Дерзкое слово любовникпомогает мне вспомнить их. Это те самые типчики, которые справлялись насчет Уана точнехонько в день его (как оказалось – не совсем окончательного) отъезда. Машинально я отвечаю, что его нет, что я не понимаю, о чем речь, и облокачиваюсь о косяк, заслоняя приоткрытую дверь.

– Пусть войдут, Карукита, это свои.

Я повинуюсь, как автомат, пропускаю парочку и предлагаю гостям сесть. Уступаю им даже последнюю ложку кофе, которая осталась в банке. Кофе получается слабенький, но вкусный. Подав кофе, я из приличия скрываюсь за дверью спальной. Однако даже отсюда, с занятой мной стратегической позиции, я слышу их разговор.

– Ты знаешь, что мы пришли не за тем, чтобы сводить старые счеты. Отдай то, что нам принадлежит. Завтра – последним срок, потому что завтра ты приглашен на прием в честь Нитисы Вильяинтерпол, которая кормила народ и поддерживала в нем бодрый дух более тридцати лет.

– В любом случае вы должны будете свести старые счеты. До сих пор неизвестно, кто убил Луиса. Мотивы были отменно скрыты, похоронены в грязи всей этой истории. А насчет того, что вам будто бы принадлежит, так я это еще не нашел, но как найду, передам своему шефу. Так приказано, за этим меня послали, а приказы я привык выполнять.

– Не будь козлом, здесь только один шеф. Не забывай, где ты находишься… Мы ждем. – Говорящий одновременно ковыряется языком в зубах. Какая невоспитанность!

– Так сидите и ждите. – Ого, как он с ними лихо!

Оба типа встают. Они вне себя, они задыхаются от ярости, поэтому выходят так поспешно, что даже забывают попрощаться и закрыть за собой дверь. В ходе разговора я вдруг вспоминаю о той сложенной пополам банкноте 1935 года, которую Уан в момент расставания вложил в мою левую руку – ту, что ближе к сердцу, в котором звучит музыка. Боже мой, куда я могла ее подевать, куда? Нет, точно, совсем спятила! Дзинь-дзинь – раздается тревожный звонок. Не имею ни малейшего представления, кто бы мог звонить в такую рань. Слушаю? Ах, это ты, доченька, какая радость! Ты выбрала удачное время, сегодня самый счастливый день в моей жизни.

– Мама, мне не дали места в новостях. Теперь я вообще не у дел – так и буду всю жизнь журналисткой-неудачницей. Ты просто не представляешь, как я измоталась. Будь у меня пачка таблеток, я бы их все проглотила разом, а у меня ни сигарет, ни выпивки – даже взбодриться нечем.

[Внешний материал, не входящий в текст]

(* For all positive integers $k$ and $n$ with $n\ge 2$, the cycle $C_{2n}$ is a strict prime $k$th-power distance graph. Furthermore, the labels in a strict prime $k$th-power distance labeling of $C_{2n}$ may be chosen arbitrarily large: for every integer $M$ there is such a labeling all of whose labels exceed $M$.
   Context: A strict prime $k$th-power distance labeling of a graph $G$ is an injective map $L:V(G)\to\mathbb{Z}$ such that for every edge $uv$ of $G$, $|L(u)-L(v)|=p^k$ for some prime $p$ (the prime may depend on the edge); $G$ is a strict prime $k$th-power distance graph if it has such a labeling. *)

From mathcomp Require Import all_boot all_order all_algebra.
Set Implicit Arguments. Unset Strict Implicit. Unset Printing Implicit Defensive.
Import Order.TTheory GRing.Theory Num.Theory.

Definition cycle_adj (m : nat) : rel 'I_m :=
  fun i j => (val j == (val i).+1 %% m) || (val i == (val j).+1 %% m).

Definition strict_prime_kpow_labeling (T : finType) (adj : rel T) (k : nat)
  (L : T -> int) : Prop :=
  injective L /\
  forall u v, adj u v -> exists p : nat, prime p /\ `|L u - L v|%N = (p ^ k)%N.

Definition strict_prime_kpow_graph (T : finType) (adj : rel T) (k : nat) : Prop :=
  exists L : T -> int, strict_prime_kpow_labeling adj k L.

From mathcomp Require Import all_boot all_order all_algebra.
From mathcomp Require Import zify.
Import Order.TTheory GRing.Theory Num.Theory.

(* Walk around C_(2n) with step a on the lattice a*Z, out to (n-1)*a, then jump
   by b to the shifted lattice a*Z + b and walk back down to b, from where a
   final jump of b closes the cycle at 0.  With a = 2^k and b = 3^k every edge
   has length a prime k-th power, and the two lattices are disjoint because the
   labels of the first half are even and those of the second half odd.  Adding
   a constant to all labels changes no distance, so the labels can be made
   larger than any bound.  The construction works for every n. *)

Lemma strict_prime_kpow_labelingD (T : finType) (adj : rel T) (k : nat)
    (L : T -> int) (c : int) :
  strict_prime_kpow_labeling adj k L ->
  strict_prime_kpow_labeling adj k (fun v => (c + L v)%R).
Proof.
move=> [L_inj L_edge]; split; first by move=> u v /addrI /L_inj.
by move=> u v /L_edge; rewrite opprD addrACA subrr add0r.
Qed.

Lemma cycle_labeling_succ (m k : nat) (L : 'I_m -> int) :
  injective L ->
  (forall u v : 'I_m, val v = (val u).+1 %% m ->
     exists p : nat, prime p /\ `|L u - L v|%N = (p ^ k)%N) ->
  strict_prime_kpow_labeling (@cycle_adj m) k L.
Proof.
move=> L_inj L_succ; split=> // u v /orP[/eqP /L_succ // | /eqP /L_succ].
by rewrite -abszN opprB.
Qed.

Definition cycle_label (a b n i : nat) : nat :=
  if (i < n)%N then i * a else ((2 * n).-1 - i) * a + b.

Lemma cycle_label_succ (a b : nat) {n i : nat} : (i < 2 * n)%N ->
  let d := `|Posz (cycle_label a b n i)
             - Posz (cycle_label a b n (i.+1 %% (2 * n)))|%N in
  d = a \/ d = b.
Proof.
move=> lt_i_2n /=; rewrite /cycle_label.
have [lt_i1_2n | le_2n_i1] := ltnP i.+1 (2 * n).
- rewrite modn_small //; case: ifP => lt_i_n; case: ifP => lt_i1_n.
  + by left; rewrite mulSn; lia.
  + right; have -> : ((2 * n).-1 - i.+1 = i)%N by lia.
    lia.
  + lia.
  + left; have -> : ((2 * n).-1 - i = ((2 * n).-1 - i.+1).+1)%N by lia.
    by rewrite mulSn; lia.
- have -> : i.+1 = (2 * n)%N by lia.
  rewrite modnn; right; have -> : ((2 * n).-1 - i = 0)%N by lia.
  by case: ifP; case: ifP; lia.
Qed.

Lemma cycle_label_inj (a b n : nat) : (0 < a)%N -> ~~ odd a -> odd b ->
  injective (fun i : 'I_(2 * n) => cycle_label a b n i).
Proof.
move=> a_gt0 a_even b_odd [i lt_i_2n] [j lt_j_2n] /=.
rewrite /cycle_label => eq_ij; apply: val_inj => /=; move: eq_ij.
have even_neq_odd x y : (x * a)%N <> (y * a + b)%N.
  by move=> /(congr1 odd); rewrite oddD !oddM (negbTE a_even) b_odd !andbF.
case: ifP => lt_i_n; case: ifP => lt_j_n.
- by move/eqP; rewrite eqn_pmul2r // => /eqP.
- by move/even_neq_odd.
- by move/esym/even_neq_odd.
- by move/addIn/eqP; rewrite eqn_pmul2r // => /eqP; lia.
Qed.

Definition cycle_kpow_label (k n : nat) (i : 'I_(2 * n)) : int :=
  Posz (cycle_label (2 ^ k) (3 ^ k) n i).

Lemma cycle_kpow_labelP (k n : nat) : (0 < k)%N ->
  strict_prime_kpow_labeling (@cycle_adj (2 * n)) k (cycle_kpow_label k n).
Proof.
move=> k_gt0; apply: cycle_labeling_succ.
  move=> u v /eqP; rewrite eqz_nat => /eqP; apply: cycle_label_inj.
  - by rewrite expn_gt0.
  - by rewrite oddX negb_or /= -lt0n k_gt0.
  - by rewrite oddX orbT.
move=> u v; rewrite /cycle_kpow_label => ->.
case: (cycle_label_succ (2 ^ k) (3 ^ k) (ltn_ord u)) => ->.
- by exists 2.
- by exists 3.
Qed.

Theorem mainTheorem12 (k n : nat) (hk : (0 < k)%N) (hn : (2 <= n)%N) :
  strict_prime_kpow_graph (@cycle_adj (2 * n)) k /\
  (forall M : int, exists L : 'I_(2 * n) -> int,
      strict_prime_kpow_labeling (@cycle_adj (2 * n)) k L /\
      (forall v, (M < L v)%R)).
Proof.
have labeling := cycle_kpow_labelP k n hk.
split; first by exists (cycle_kpow_label k n).
move=> M; exists (fun i => M + 1 + cycle_kpow_label k n i)%R.
split; first exact: strict_prime_kpow_labelingD.
by move=> v; rewrite /cycle_kpow_label; lia.
Qed.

– Ах, детка, ты слишком мрачно смотришь на вещи! Послушай, у меня для тебя хорошая новость. Надеюсь, она тебя немного порадует. Видишь ли… Мне трудно говорить об этом, но я хочу, чтобы мы сейчас поняли друг друга. Ты ведь знаешь, я тебя никогда не обманывала.

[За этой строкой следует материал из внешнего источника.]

Lemma fps_mulC f g : fps_mul f g = fps_mul g f.
Proof.
apply: fps_agree_eq => n; exists (\poly_(i < n.+1) f i * \poly_(i < n.+1) g i).
by rewrite [X in _ /\ fps_agree _ _ X]mulrC; split; apply: fps_agree_mul;
  exact: fps_agree_poly.
Qed.

Lemma fps_mulA f g h : fps_mul f (fps_mul g h) = fps_mul (fps_mul f g) h.
Proof.
apply: fps_agree_eq => n.
exists (\poly_(i < n.+1) f i * \poly_(i < n.+1) g i * \poly_(i < n.+1) h i).
have agree_poly := @fps_agree_poly n.
split; last by do 2!apply: fps_agree_mul => //.
by rewrite -mulrA; apply: fps_agree_mul => //; apply: fps_agree_mul.
Qed.

Lemma fps_mulr1 f : fps_mul f fps_one = f.
Proof.
apply: fps_agree_eq => n; exists (\poly_(i < n.+1) f i); split; last first.
  exact: fps_agree_poly.
by rewrite -[X in fps_agree _ _ X]mulr1; apply: fps_agree_mul;
  [exact: fps_agree_poly | exact: fps_agree_one].
Qed.

Lemma size_inv_seq f n : size (inv_seq f n) = n.+1.
Proof. by elim: n => //= n IH; rewrite size_rcons IH. Qed.

Lemma nth_inv_seq f n i : (i <= n)%N -> nth 0 (inv_seq f n) i = fps_inv f i.
Proof.
elim: n => [|n IH]; first by rewrite leqn0 => /eqP ->.
rewrite leq_eqVlt => /orP [/eqP -> //| lt_in].
by rewrite /= nth_rcons size_inv_seq lt_in IH.
Qed.

Lemma fps_invS f n :
  fps_inv f n.+1 = - (f 0%N)^-1 * \sum_(i < n.+1) f i.+1 * fps_inv f (n - i)%N.
Proof.
rewrite {1}/fps_inv /= nth_rcons size_inv_seq ltnn eqxx; congr (_ * _).
by apply: eq_bigr => i _; rewrite nth_inv_seq // leq_subr.
Qed.

Lemma fps_mulV f : f 0%N != 0 -> fps_mul f (fps_inv f) = fps_one.
Proof.
move=> f0; apply: funext => -[|n].
  by rewrite /fps_mul big_ord1 /fps_one /fps_inv /= mulfV.
rewrite /fps_mul big_ord_recl subn0 fps_invS mulrA mulrN mulfV // mulN1r.
rewrite /fps_one /= addrC; apply/eqP; rewrite subr_eq0; apply/eqP.
by apply: eq_bigr => i _; rewrite subSS.
Qed.

Lemma fps_eq_inv_mul f g h :
  f 0%N != 0 -> fps_mul f g = h -> g = fps_mul (fps_inv f) h.
Proof.
move=> f0 <-; rewrite fps_mulA [fps_mul (fps_inv f) f]fps_mulC fps_mulV //.
by rewrite fps_mulC fps_mulr1.
Qed.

– Мама, перестань лезть мне в душу. Если ты опять про свой шарик в груди, то я о нем и так знаю. Фотокопировщица заходила на неделе и корила меня. Рассказывала, что у тебя какая-то страшная болезнь. В ближайший понедельник отвезу тебя в больницу. Я понимаю, что такими вещами не шутят. Извини.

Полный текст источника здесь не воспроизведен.